Task to complete: From the line containing "have [Uf1 sub1]" down to the line containing "[set x | c0" in the records below, reproduce every line exactly, ends included, and omit all others.

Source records
^^^^^^^^^^^^^^^^
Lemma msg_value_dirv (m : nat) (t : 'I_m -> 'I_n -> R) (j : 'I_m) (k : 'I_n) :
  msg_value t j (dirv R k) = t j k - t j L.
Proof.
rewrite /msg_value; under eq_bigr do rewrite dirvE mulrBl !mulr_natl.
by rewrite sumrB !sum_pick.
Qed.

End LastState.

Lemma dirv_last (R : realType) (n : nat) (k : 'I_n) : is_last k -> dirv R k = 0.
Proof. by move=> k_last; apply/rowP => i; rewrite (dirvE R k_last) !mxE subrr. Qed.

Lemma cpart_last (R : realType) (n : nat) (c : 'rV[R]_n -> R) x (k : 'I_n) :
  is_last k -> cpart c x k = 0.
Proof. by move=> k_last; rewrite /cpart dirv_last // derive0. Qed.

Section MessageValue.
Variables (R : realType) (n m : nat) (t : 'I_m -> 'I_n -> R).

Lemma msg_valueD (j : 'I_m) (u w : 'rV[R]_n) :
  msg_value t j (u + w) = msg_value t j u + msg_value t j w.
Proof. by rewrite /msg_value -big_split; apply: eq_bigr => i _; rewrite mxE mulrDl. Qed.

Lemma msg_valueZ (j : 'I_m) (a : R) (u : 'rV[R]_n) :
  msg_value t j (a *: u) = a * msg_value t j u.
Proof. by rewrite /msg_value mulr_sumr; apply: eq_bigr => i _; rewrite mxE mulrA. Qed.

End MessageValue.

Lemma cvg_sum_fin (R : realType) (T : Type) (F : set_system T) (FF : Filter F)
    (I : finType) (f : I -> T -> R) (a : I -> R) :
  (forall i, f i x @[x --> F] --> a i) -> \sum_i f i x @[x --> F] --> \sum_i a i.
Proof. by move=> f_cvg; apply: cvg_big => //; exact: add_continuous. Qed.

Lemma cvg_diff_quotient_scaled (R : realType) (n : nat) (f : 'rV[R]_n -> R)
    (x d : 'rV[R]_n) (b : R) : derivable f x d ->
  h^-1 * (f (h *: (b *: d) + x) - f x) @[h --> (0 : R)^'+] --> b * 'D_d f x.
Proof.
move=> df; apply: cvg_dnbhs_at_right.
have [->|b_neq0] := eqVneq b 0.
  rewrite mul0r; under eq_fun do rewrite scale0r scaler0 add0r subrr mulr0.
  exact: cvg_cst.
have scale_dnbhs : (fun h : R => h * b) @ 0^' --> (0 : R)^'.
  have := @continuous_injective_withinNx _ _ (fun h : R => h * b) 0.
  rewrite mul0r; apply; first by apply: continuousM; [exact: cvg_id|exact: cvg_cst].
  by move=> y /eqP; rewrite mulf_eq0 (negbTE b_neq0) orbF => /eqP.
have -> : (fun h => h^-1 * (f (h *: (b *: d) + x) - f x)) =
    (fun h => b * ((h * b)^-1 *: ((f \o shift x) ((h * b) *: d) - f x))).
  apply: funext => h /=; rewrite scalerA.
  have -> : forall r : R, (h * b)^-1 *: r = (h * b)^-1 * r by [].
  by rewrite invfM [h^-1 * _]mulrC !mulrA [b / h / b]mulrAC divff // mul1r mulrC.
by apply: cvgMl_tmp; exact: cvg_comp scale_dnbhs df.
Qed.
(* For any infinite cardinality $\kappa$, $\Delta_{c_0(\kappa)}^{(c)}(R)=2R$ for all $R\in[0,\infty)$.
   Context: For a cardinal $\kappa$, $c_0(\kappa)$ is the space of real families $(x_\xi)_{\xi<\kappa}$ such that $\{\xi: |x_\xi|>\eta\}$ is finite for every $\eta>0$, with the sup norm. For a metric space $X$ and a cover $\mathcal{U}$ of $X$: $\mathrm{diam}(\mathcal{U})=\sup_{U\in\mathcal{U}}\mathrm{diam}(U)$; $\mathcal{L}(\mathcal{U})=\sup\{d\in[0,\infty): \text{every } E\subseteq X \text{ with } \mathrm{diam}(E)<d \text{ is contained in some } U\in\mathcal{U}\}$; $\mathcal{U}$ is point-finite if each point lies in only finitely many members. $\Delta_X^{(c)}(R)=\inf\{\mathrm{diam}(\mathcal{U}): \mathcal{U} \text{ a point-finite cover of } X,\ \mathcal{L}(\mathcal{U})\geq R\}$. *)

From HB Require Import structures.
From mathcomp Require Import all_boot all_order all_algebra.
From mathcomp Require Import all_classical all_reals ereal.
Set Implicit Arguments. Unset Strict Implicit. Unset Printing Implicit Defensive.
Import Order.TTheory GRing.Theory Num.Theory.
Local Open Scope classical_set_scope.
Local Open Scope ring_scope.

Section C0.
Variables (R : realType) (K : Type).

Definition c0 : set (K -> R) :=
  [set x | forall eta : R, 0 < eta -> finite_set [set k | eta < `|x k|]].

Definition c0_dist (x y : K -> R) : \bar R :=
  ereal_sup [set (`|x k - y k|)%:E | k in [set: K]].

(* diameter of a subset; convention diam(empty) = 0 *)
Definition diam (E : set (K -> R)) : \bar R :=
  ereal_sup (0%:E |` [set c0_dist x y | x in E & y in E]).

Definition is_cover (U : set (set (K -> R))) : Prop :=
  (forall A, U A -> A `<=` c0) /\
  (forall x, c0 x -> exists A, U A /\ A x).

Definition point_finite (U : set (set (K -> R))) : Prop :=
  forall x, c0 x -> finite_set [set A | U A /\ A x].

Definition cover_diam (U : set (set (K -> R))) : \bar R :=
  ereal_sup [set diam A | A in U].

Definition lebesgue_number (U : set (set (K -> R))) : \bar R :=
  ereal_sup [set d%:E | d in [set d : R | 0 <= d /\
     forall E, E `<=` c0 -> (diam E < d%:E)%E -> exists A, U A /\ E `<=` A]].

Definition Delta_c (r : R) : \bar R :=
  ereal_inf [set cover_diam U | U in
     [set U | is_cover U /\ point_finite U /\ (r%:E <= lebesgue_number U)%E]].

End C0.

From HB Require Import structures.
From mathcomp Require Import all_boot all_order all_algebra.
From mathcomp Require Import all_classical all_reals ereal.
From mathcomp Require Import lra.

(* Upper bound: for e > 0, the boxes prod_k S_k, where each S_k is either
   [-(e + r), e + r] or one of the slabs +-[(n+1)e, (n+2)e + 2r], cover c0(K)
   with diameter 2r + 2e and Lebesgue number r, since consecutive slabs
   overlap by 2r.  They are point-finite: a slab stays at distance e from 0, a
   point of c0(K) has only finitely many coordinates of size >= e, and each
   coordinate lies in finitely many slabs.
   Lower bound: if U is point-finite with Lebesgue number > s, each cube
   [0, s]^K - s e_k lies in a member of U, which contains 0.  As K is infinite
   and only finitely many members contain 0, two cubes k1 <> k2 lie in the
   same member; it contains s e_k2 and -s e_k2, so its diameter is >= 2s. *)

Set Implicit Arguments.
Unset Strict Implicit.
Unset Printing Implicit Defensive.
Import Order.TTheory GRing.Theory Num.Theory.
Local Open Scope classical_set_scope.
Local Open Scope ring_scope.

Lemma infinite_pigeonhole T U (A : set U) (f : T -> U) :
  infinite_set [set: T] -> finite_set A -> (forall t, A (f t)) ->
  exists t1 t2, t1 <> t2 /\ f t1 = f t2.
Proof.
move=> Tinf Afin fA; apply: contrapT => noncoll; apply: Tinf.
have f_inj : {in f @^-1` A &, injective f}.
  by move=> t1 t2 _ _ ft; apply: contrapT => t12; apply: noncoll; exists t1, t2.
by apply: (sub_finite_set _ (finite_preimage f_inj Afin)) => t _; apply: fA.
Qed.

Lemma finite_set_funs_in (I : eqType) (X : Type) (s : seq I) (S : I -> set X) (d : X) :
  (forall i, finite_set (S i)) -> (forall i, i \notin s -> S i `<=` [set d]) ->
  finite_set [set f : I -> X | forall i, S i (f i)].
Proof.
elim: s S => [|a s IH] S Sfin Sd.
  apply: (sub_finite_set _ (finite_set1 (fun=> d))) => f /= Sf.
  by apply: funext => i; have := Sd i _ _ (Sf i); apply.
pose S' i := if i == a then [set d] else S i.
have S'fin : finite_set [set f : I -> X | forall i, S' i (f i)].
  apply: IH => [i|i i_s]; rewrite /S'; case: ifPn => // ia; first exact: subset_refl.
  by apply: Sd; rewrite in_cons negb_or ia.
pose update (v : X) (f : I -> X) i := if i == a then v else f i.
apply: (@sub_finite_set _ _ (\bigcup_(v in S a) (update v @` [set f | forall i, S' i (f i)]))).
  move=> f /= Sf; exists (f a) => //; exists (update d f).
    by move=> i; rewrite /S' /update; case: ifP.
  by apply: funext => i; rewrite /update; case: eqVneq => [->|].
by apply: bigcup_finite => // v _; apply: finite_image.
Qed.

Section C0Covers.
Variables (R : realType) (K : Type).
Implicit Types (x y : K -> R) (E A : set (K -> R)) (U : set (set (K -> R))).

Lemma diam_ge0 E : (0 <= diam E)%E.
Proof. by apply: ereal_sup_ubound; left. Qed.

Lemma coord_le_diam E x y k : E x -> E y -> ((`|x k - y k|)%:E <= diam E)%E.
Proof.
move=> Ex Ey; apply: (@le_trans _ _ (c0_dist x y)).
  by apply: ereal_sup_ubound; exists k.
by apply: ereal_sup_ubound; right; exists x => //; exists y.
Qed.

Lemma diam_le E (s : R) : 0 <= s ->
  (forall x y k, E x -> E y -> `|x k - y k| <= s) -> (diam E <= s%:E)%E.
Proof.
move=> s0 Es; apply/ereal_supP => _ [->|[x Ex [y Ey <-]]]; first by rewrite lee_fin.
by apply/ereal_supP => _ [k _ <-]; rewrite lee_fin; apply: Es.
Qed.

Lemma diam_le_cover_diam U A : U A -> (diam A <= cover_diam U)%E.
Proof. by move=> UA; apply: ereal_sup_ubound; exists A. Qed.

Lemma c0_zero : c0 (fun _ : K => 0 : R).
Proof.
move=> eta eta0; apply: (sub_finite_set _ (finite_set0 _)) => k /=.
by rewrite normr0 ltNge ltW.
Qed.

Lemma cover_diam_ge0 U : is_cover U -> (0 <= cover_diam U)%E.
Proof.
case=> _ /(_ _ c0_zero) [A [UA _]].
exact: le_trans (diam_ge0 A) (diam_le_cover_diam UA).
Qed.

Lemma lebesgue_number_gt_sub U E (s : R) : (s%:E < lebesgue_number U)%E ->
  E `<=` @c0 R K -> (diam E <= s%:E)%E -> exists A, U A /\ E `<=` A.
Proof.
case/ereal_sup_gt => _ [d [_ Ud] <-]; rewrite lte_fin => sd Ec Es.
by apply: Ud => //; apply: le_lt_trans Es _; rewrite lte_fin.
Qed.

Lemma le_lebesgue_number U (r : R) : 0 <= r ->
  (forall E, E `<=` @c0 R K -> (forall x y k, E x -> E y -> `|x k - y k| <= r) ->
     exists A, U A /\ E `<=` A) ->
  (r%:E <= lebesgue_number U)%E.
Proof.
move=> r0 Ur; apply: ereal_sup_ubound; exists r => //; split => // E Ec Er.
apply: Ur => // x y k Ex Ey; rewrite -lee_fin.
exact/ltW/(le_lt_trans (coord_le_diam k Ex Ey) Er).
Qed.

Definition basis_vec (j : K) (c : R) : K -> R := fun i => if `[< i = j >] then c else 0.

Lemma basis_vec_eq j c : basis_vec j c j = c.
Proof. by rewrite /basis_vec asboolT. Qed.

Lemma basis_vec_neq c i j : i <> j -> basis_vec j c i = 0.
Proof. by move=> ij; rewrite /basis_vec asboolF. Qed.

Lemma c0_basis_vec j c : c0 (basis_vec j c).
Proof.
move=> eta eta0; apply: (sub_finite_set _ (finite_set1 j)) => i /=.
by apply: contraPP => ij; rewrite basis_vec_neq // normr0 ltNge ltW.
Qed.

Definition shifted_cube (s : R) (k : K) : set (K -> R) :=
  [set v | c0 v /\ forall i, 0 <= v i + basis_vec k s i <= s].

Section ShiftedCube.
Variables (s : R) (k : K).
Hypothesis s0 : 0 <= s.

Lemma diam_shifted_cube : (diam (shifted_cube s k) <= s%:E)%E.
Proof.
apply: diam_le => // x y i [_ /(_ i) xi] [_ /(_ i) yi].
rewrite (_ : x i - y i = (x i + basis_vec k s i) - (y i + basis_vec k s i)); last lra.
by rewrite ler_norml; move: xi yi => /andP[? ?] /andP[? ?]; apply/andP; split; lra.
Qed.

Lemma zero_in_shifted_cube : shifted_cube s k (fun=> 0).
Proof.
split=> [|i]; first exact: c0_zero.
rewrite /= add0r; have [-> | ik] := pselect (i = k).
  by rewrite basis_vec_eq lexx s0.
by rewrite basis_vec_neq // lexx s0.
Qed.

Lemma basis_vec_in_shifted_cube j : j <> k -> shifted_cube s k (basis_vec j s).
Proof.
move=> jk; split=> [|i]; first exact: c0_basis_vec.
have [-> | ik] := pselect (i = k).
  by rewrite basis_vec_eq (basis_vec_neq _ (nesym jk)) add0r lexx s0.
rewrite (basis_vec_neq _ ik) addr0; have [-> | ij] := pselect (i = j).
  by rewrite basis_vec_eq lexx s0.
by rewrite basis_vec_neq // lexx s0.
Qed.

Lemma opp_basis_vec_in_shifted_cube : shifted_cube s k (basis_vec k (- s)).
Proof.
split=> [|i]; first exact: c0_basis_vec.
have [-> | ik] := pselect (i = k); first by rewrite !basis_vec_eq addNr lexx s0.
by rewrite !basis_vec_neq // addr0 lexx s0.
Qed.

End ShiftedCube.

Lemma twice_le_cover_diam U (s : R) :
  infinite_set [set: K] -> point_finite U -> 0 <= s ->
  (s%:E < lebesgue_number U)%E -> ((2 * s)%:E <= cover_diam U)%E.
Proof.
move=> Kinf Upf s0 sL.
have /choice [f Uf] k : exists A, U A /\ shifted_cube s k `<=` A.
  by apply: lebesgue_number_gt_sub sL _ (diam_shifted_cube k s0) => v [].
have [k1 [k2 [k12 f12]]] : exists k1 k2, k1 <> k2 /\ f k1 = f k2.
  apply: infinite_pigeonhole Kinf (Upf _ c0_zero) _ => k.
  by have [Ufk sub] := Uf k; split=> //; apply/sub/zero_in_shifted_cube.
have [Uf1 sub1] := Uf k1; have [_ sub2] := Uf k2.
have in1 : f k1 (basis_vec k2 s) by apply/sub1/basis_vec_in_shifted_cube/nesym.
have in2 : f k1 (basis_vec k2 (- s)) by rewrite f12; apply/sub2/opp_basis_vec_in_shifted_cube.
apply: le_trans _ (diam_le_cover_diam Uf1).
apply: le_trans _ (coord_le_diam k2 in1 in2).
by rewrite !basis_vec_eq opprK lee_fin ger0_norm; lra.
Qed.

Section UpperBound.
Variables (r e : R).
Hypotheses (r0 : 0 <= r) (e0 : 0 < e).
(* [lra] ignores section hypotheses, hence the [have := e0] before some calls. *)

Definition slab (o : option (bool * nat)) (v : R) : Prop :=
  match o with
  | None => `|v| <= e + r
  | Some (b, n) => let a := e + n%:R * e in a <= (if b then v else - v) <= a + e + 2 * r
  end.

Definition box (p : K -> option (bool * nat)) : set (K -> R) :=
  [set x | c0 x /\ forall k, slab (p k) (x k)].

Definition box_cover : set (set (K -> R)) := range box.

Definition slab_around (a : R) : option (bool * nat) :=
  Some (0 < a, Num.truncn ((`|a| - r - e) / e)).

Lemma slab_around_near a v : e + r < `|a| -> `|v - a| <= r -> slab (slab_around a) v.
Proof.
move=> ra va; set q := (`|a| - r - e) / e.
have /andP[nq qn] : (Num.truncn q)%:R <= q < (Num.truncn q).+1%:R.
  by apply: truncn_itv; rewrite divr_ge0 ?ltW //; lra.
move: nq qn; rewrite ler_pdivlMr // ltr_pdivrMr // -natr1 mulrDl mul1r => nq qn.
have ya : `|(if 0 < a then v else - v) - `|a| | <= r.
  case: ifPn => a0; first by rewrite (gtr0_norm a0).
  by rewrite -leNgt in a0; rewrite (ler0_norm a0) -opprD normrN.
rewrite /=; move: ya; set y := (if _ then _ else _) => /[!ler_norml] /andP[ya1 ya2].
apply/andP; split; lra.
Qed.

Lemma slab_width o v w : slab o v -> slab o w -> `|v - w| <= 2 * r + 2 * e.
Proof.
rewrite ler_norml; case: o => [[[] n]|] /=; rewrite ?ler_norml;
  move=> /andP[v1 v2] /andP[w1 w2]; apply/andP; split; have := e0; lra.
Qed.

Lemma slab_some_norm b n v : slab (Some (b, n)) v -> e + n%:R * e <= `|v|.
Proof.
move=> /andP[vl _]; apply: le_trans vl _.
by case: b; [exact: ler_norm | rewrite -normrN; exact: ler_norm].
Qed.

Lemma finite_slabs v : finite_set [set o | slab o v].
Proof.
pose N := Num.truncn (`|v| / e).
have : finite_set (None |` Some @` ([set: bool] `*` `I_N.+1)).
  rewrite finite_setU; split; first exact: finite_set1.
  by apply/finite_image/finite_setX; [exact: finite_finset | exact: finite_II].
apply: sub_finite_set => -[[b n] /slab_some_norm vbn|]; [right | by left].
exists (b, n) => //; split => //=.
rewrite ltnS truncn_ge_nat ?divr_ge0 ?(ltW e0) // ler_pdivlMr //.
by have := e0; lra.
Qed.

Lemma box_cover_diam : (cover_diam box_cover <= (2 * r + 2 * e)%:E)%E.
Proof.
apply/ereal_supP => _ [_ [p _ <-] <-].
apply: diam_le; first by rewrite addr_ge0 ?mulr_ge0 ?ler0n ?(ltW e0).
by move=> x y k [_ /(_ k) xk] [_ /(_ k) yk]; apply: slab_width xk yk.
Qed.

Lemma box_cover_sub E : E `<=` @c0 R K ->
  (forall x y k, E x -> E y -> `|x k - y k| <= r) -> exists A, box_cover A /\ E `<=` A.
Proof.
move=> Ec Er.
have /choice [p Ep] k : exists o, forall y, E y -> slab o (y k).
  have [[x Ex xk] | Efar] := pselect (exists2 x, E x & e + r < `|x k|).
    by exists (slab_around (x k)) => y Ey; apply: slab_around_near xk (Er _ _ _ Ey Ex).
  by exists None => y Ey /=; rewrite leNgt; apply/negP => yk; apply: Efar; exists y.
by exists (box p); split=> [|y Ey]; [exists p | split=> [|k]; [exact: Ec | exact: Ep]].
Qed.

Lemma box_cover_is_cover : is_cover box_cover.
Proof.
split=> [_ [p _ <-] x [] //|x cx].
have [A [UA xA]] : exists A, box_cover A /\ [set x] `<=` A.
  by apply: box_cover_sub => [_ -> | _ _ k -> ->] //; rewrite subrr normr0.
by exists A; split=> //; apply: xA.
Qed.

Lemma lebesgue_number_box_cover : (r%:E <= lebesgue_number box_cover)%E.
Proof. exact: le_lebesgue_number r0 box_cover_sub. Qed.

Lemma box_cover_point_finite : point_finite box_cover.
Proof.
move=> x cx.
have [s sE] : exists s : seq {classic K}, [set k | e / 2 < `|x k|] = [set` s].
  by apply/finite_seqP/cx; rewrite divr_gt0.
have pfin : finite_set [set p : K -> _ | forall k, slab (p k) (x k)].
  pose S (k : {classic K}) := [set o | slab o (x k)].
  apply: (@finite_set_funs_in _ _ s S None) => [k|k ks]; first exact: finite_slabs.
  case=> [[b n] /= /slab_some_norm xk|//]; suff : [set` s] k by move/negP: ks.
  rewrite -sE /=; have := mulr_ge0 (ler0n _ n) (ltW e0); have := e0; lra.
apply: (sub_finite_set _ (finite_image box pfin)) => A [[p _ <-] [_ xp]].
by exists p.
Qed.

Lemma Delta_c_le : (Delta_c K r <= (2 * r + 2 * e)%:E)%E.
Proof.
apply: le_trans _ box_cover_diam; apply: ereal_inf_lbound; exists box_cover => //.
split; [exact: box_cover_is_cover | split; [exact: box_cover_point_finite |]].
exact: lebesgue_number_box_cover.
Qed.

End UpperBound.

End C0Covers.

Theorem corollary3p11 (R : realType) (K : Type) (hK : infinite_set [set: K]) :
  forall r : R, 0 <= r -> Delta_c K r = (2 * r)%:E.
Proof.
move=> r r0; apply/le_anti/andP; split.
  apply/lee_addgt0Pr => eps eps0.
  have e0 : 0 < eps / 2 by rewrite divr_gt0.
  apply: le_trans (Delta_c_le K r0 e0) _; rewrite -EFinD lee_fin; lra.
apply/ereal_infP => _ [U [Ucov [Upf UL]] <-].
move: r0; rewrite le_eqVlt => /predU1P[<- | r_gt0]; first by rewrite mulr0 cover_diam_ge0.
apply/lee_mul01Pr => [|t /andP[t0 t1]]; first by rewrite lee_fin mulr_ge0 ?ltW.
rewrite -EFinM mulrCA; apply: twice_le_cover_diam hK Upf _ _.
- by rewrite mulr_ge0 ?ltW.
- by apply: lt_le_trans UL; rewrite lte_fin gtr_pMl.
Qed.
^^^^^^^^^^^^^^^^
Answer for the task:
have [Uf1 sub1] := Uf k1; have [_ sub2] := Uf k2.
have in1 : f k1 (basis_vec k2 s) by apply/sub1/basis_vec_in_shifted_cube/nesym.
have in2 : f k1 (basis_vec k2 (- s)) by rewrite f12; apply/sub2/opp_basis_vec_in_shifted_cube.
apply: le_trans _ (diam_le_cover_diam Uf1).
apply: le_trans _ (coord_le_diam k2 in1 in2).
by rewrite !basis_vec_eq opprK lee_fin ger0_norm; lra.
Qed.

Section UpperBound.
Variables (r e : R).
Hypotheses (r0 : 0 <= r) (e0 : 0 < e).
(* [lra] ignores section hypotheses, hence the [have := e0] before some calls. *)

Definition slab (o : option (bool * nat)) (v : R) : Prop :=
  match o with
  | None => `|v| <= e + r
  | Some (b, n) => let a := e + n%:R * e in a <= (if b then v else - v) <= a + e + 2 * r
  end.

Definition box (p : K -> option (bool * nat)) : set (K -> R) :=
  [set x | c0 x /\ forall k, slab (p k) (x k)].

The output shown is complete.